• _Task to carry out_
In the listing below, the answer starts at the line that has "Lemma card_gt1_other A" and stops after the line that has "rewrite /Phi_in /ndiss_in"; please repeat that part exactly and nothing more.

• _Task inputs_
Theorem lemma10 (V : finType) (d alpha : nat) (E : {set {set V}})
    (w : {set V} -> int) :
  1 <= d ->
  is_hypergraph d E ->
  no_isolated E ->
  (forall e, e \in E -> w e != 0%R) ->
  (exists c : {set V},
      [/\ (exists2 e, e \in E & c \subset e),
          gfun alpha d (d - #|c|) <= #|link E c| &
          (forall f : {set V}, c \proper f -> #|f| <= d ->
             #|link E f| < gfun alpha d (d - #|f|))]) ->
  exists X : {set V}, (alpha%:Z <= `|wsum E w X|)%R.
Proof.
move=> _ hypE _ w0 [c [_ gelink ltlink]].
apply/existsP; apply: contraTT gelink => /existsPn ltEa.
rewrite -ltnNge; apply: (card_link_lt_gfun hypE w0 _ ltlink) => X.
by rewrite ltNge ltEa.
Qed.
(* If $T$ is a subcubic tree of order $n$ and dissociation number $\psi$, then $\Phi(T)\le 1.466^{4n-5\psi+2}$.
   Context: All graphs are finite, simple and undirected. A subcubic tree is a tree of maximum degree at most $3$. A dissociation set in a graph $G$ is a vertex subset $F$ such that the induced subgraph $G[F]$ has maximum degree at most $1$; a maximum dissociation set is one of maximum cardinality, and the dissociation number $\psi(G)$ is that cardinality. $\Phi(G)$ denotes the number of maximum dissociation sets of $G$. *)

From mathcomp Require Import all_boot all_order all_algebra.
Set Implicit Arguments. Unset Strict Implicit. Unset Printing Implicit Defensive.

Definition simple_graph (T : finType) (e : rel T) : Prop :=
  symmetric e /\ irreflexive e.

Definition nedges (T : finType) (e : rel T) : nat :=
  #|[set p : T * T | e p.1 p.2]| %/ 2.

Definition is_tree (T : finType) (e : rel T) : Prop :=
  simple_graph e /\ 0 < #|T| /\ (forall x y, connect e x y) /\
  nedges e = #|T| - 1.

Definition degree (T : finType) (e : rel T) (v : T) : nat := #|[set u | e v u]|.

Definition subcubic (T : finType) (e : rel T) : Prop :=
  forall v, degree e v <= 3.

Definition dissociation (T : finType) (e : rel T) (F : {set T}) : bool :=
  [forall v in F, #|[set u in F | e v u]| <= 1].

Definition psi (T : finType) (e : rel T) : nat :=
  \max_(F : {set T} | dissociation e F) #|F|.

Definition Phi (T : finType) (e : rel T) : nat :=
  #|[set F : {set T} | dissociation e F & #|F| == psi e]|.

(* Measure and conquer.  For a vertex set S of a subcubic forest let
   mu(S) = 6|S| - (sum of the degrees in G[S]) - 5 psi(S).  A tree on n vertices has
   n - 1 edges, so mu = 4n - 5 psi + 2 and it suffices to prove Phi(S) <= c^mu(S) for
   c = 1.466, by induction on |S|.
   Branching on a vertex list Q: if some dissociation set P inside Q has all its
   S-neighbours in Q, then every maximum dissociation set F meets Q in at least |P|
   vertices, and F |-> F \ Q maps the maximum sets with a fixed trace F /\ Q injectively
   to dissociation sets of S \ Q of size psi(S) - |F /\ Q|.  Since G[Q] is a forest it
   spans at most |Q| - 1 edges, so deleting Q lowers mu by at least
   4|Q| + 2 - 2(edges leaving Q) - 5|F /\ Q|.
   Peeling the leaves twice shows that G[S] has an isolated vertex or edge, a P3
   component, a vertex with two pendant leaves, or one of three pendant configurations
   around a vertex of degree 2 or 3.  For each of them a short list of traces covers all
   maximum sets, and the resulting sum of powers of c is at most c^mu(S) because
   c^3 >= c^2 + 1 (c lies just above the real root of x^3 = x^2 + 1). *)

From mathcomp Require Import all_boot all_order all_algebra.
From mathcomp Require Import zify ring lra.
Import Order.TTheory GRing.Theory Num.Theory.
Set Implicit Arguments. Unset Strict Implicit. Unset Printing Implicit Defensive.

Section SupergoldenConstant.
Local Open Scope ring_scope.

(* Locked: unification would otherwise unfold the rational literal and stall. *)
Definition c : rat := locked (1466%:Q / 1000%:Q).
Definition cpow (z : int) : rat := c ^ z.

Lemma c_gt1 : 1 < c. Proof. rewrite /c -lock; lra. Qed.

Lemma c_cube : c ^+ 2 + 1 <= c ^+ 3. Proof. rewrite /c -lock; lra. Qed.

Lemma c_quartic : c ^+ 3 + c <= c ^+ 4.
Proof.
have c0 : 0 <= c by apply: ltW; apply: lt_trans c_gt1.
by have := ler_wpM2l c0 c_cube; rewrite mulrDr mulr1 -!exprS.
Qed.

Lemma cpow_gt0 z : 0 < cpow z.
Proof. by apply: exprz_gt0; apply: lt_trans c_gt1. Qed.

Lemma cpow_le z1 z2 : z1 <= z2 -> cpow z1 <= cpow z2.
Proof. by move=> z12; apply: ler_weXz2l => //; apply: ltW c_gt1. Qed.

Lemma cpowD z (k : nat) : cpow (z + k%:Z) = cpow z * c ^+ k.
Proof. by rewrite /cpow expfzDr // gt_eqF // (lt_trans _ c_gt1). Qed.

Lemma cpow_sum2 m a1 a2 : a1 <= m - 1 -> a2 <= m - 3 ->
  cpow a1 + cpow a2 <= cpow m.
Proof.
move=> h1 h2; have -> : m = m - 4 + 4%:Z by ring.
apply: le_trans (_ : cpow (m - 4 + 3%:Z) + cpow (m - 4 + 1%:Z) <= _).
  by apply: lerD; apply: cpow_le; lia.
by rewrite !cpowD -mulrDr ler_pM2l ?cpow_gt0 // expr1 c_quartic.
Qed.

Lemma cpow_sum3 m a1 a2 a3 : a1 <= m - 2 -> a2 <= m - 3 -> a3 <= m - 4 ->
  cpow a1 + cpow a2 + cpow a3 <= cpow m.
Proof.
move=> h1 h2 h3; have -> : m = m - 4 + 4%:Z by ring.
apply: le_trans
  (_ : cpow (m - 4 + 2%:Z) + cpow (m - 4 + 1%:Z) + cpow (m - 4 + 0%:Z) <= _).
  by do 2?apply: lerD; apply: cpow_le; lia.
rewrite !cpowD -!mulrDr ler_pM2l ?cpow_gt0 // expr1 expr0.
by apply: le_trans c_quartic; rewrite addrAC lerD2r c_cube.
Qed.

End SupergoldenConstant.

Section SmallSets.
Variable X : finType.
Implicit Types (A : {set X}) (a b : X).

Lemma card1_set1 A a : #|A| = 1 -> a \in A -> A = [set a].
Proof. by move=> /eqP/cards1P[x ->]; rewrite inE => /eqP ->. Qed.

Lemma card2_set2 A a b : #|A| = 2 -> a \in A -> b \in A -> a != b -> A = [set a; b].
Proof.
move=> cA aA bA ab; apply/eqP; rewrite eq_sym eqEcard cards2 ab cA leqnn andbT.
by apply/subsetP => u; rewrite !inE => /orP[] /eqP ->.
Qed.

Lemma card3_set3 A a b : #|A| = 3 -> a \in A -> b \in A -> a != b ->
  exists c, [/\ A = [set a; b; c], a != c & b != c].
Proof.
move=> cA aA bA ab; have sub : [set a; b] \subset A.
  by apply/subsetP => u; rewrite !inE => /orP[] /eqP ->.
have /cards1P[c hc] : #|A :\: [set a; b]| == 1.
  by have := cardsID [set a; b] A; rewrite (setIidPr sub) cards2 ab cA; lia.
have : c \in A :\: [set a; b] by rewrite hc set11.
rewrite !inE negb_or => /andP[/andP[ca cb] cA'].
have [ac bc] : a != c /\ b != c by rewrite ![_ == c]eq_sym.
exists c; split => //; apply/eqP; rewrite eq_sym eqEcard cA.
rewrite -setUA cardsU1 cards2 bc !inE negb_or ab ac /= leqnn andbT.
by apply/subsetP => u; rewrite !inE => /or3P[]/eqP->.
Qed.

Lemma card_gt1_other A a : 1 < #|A| -> exists2 b, b \in A & b != a.
Proof.
move=> A1; have /card_gt0P[b] : 0 < #|A :\ a| by have := cardsD1 a A; case: (a \in A) => /=; lia.
by rewrite !inE => /andP[ba bA]; exists b.
Qed.

End SmallSets.

Section SubcubicForests.
Variables (T : finType) (e : rel T).
Implicit Types (S A B C F G P : {set T}) (Q ps : seq T).

Definition nbhd (S : {set T}) (v : T) : {set T} := [set u in S | e v u].
Definition deg_in (S : {set T}) (v : T) : nat := #|nbhd S v|.
Definition degsum (S : {set T}) : nat := \sum_(v in S) deg_in S v.

Definition dissociation_in (S F : {set T}) : bool := (F \subset S) && dissociation e F.
Definition psi_in (S : {set T}) : nat :=
  \max_(F : {set T} | dissociation_in S F) #|F|.
Definition ndiss_in (S : {set T}) (k : nat) : nat :=
  #|[set F : {set T} | dissociation_in S F & #|F| == k]|.
Definition Phi_in (S : {set T}) : nat := ndiss_in S (psi_in S).

Lemma psi_in_setT : psi_in setT = psi e.
Proof. by apply: eq_bigl => F; rewrite /dissociation_in subsetT. Qed.

Lemma Phi_in_setT : Phi_in setT = Phi e.
Proof.
rewrite /Phi_in /ndiss_in psi_in_setT; apply: eq_card => F.
by rewrite !inE /dissociation_in subsetT.
Qed.

Lemma nbhdE S v N u : nbhd S v = N -> (u \in N) = (u \in S) && e v u.
Proof. by move=> <-; rewrite inE. Qed.

Lemma nbhd_sub S v : nbhd S v \subset S.
Proof. by apply/subsetP => u; rewrite inE => /andP[]. Qed.

Lemma deg_in_setD S A v : deg_in S v = deg_in (S :\: A) v + deg_in (S :&: A) v.
Proof.
rewrite /deg_in -(cardsID A (nbhd S v)) addnC; congr (_ + _); apply: eq_card => u;
  by rewrite !inE; case: (u \in A) (u \in S) (e v u) => [] [] [].
Qed.

Lemma dissociationP F :
  reflect (forall v, v \in F -> #|nbhd F v| <= 1) (dissociation e F).
Proof. exact: (iffP forall_inP). Qed.

Lemma dissociationS F G : F \subset G -> dissociation e G -> dissociation e F.
Proof.
move=> sFG /dissociationP dG; apply/dissociationP => v vF.
apply: leq_trans (dG v (subsetP sFG v vF)); apply: subset_leq_card.
by apply/subsetP => u; rewrite !inE => /andP[/(subsetP sFG) -> ->].
Qed.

• _Task output_
Lemma card_gt1_other A a : 1 < #|A| -> exists2 b, b \in A & b != a.
Proof.
move=> A1; have /card_gt0P[b] : 0 < #|A :\ a| by have := cardsD1 a A; case: (a \in A) => /=; lia.
by rewrite !inE => /andP[ba bA]; exists b.
Qed.

End SmallSets.

Section SubcubicForests.
Variables (T : finType) (e : rel T).
Implicit Types (S A B C F G P : {set T}) (Q ps : seq T).

Definition nbhd (S : {set T}) (v : T) : {set T} := [set u in S | e v u].
Definition deg_in (S : {set T}) (v : T) : nat := #|nbhd S v|.
Definition degsum (S : {set T}) : nat := \sum_(v in S) deg_in S v.

Definition dissociation_in (S F : {set T}) : bool := (F \subset S) && dissociation e F.
Definition psi_in (S : {set T}) : nat :=
  \max_(F : {set T} | dissociation_in S F) #|F|.
Definition ndiss_in (S : {set T}) (k : nat) : nat :=
  #|[set F : {set T} | dissociation_in S F & #|F| == k]|.
Definition Phi_in (S : {set T}) : nat := ndiss_in S (psi_in S).

Lemma psi_in_setT : psi_in setT = psi e.
Proof. by apply: eq_bigl => F; rewrite /dissociation_in subsetT. Qed.

Lemma Phi_in_setT : Phi_in setT = Phi e.
Proof.
rewrite /Phi_in /ndiss_in psi_in_setT; apply: eq_card => F.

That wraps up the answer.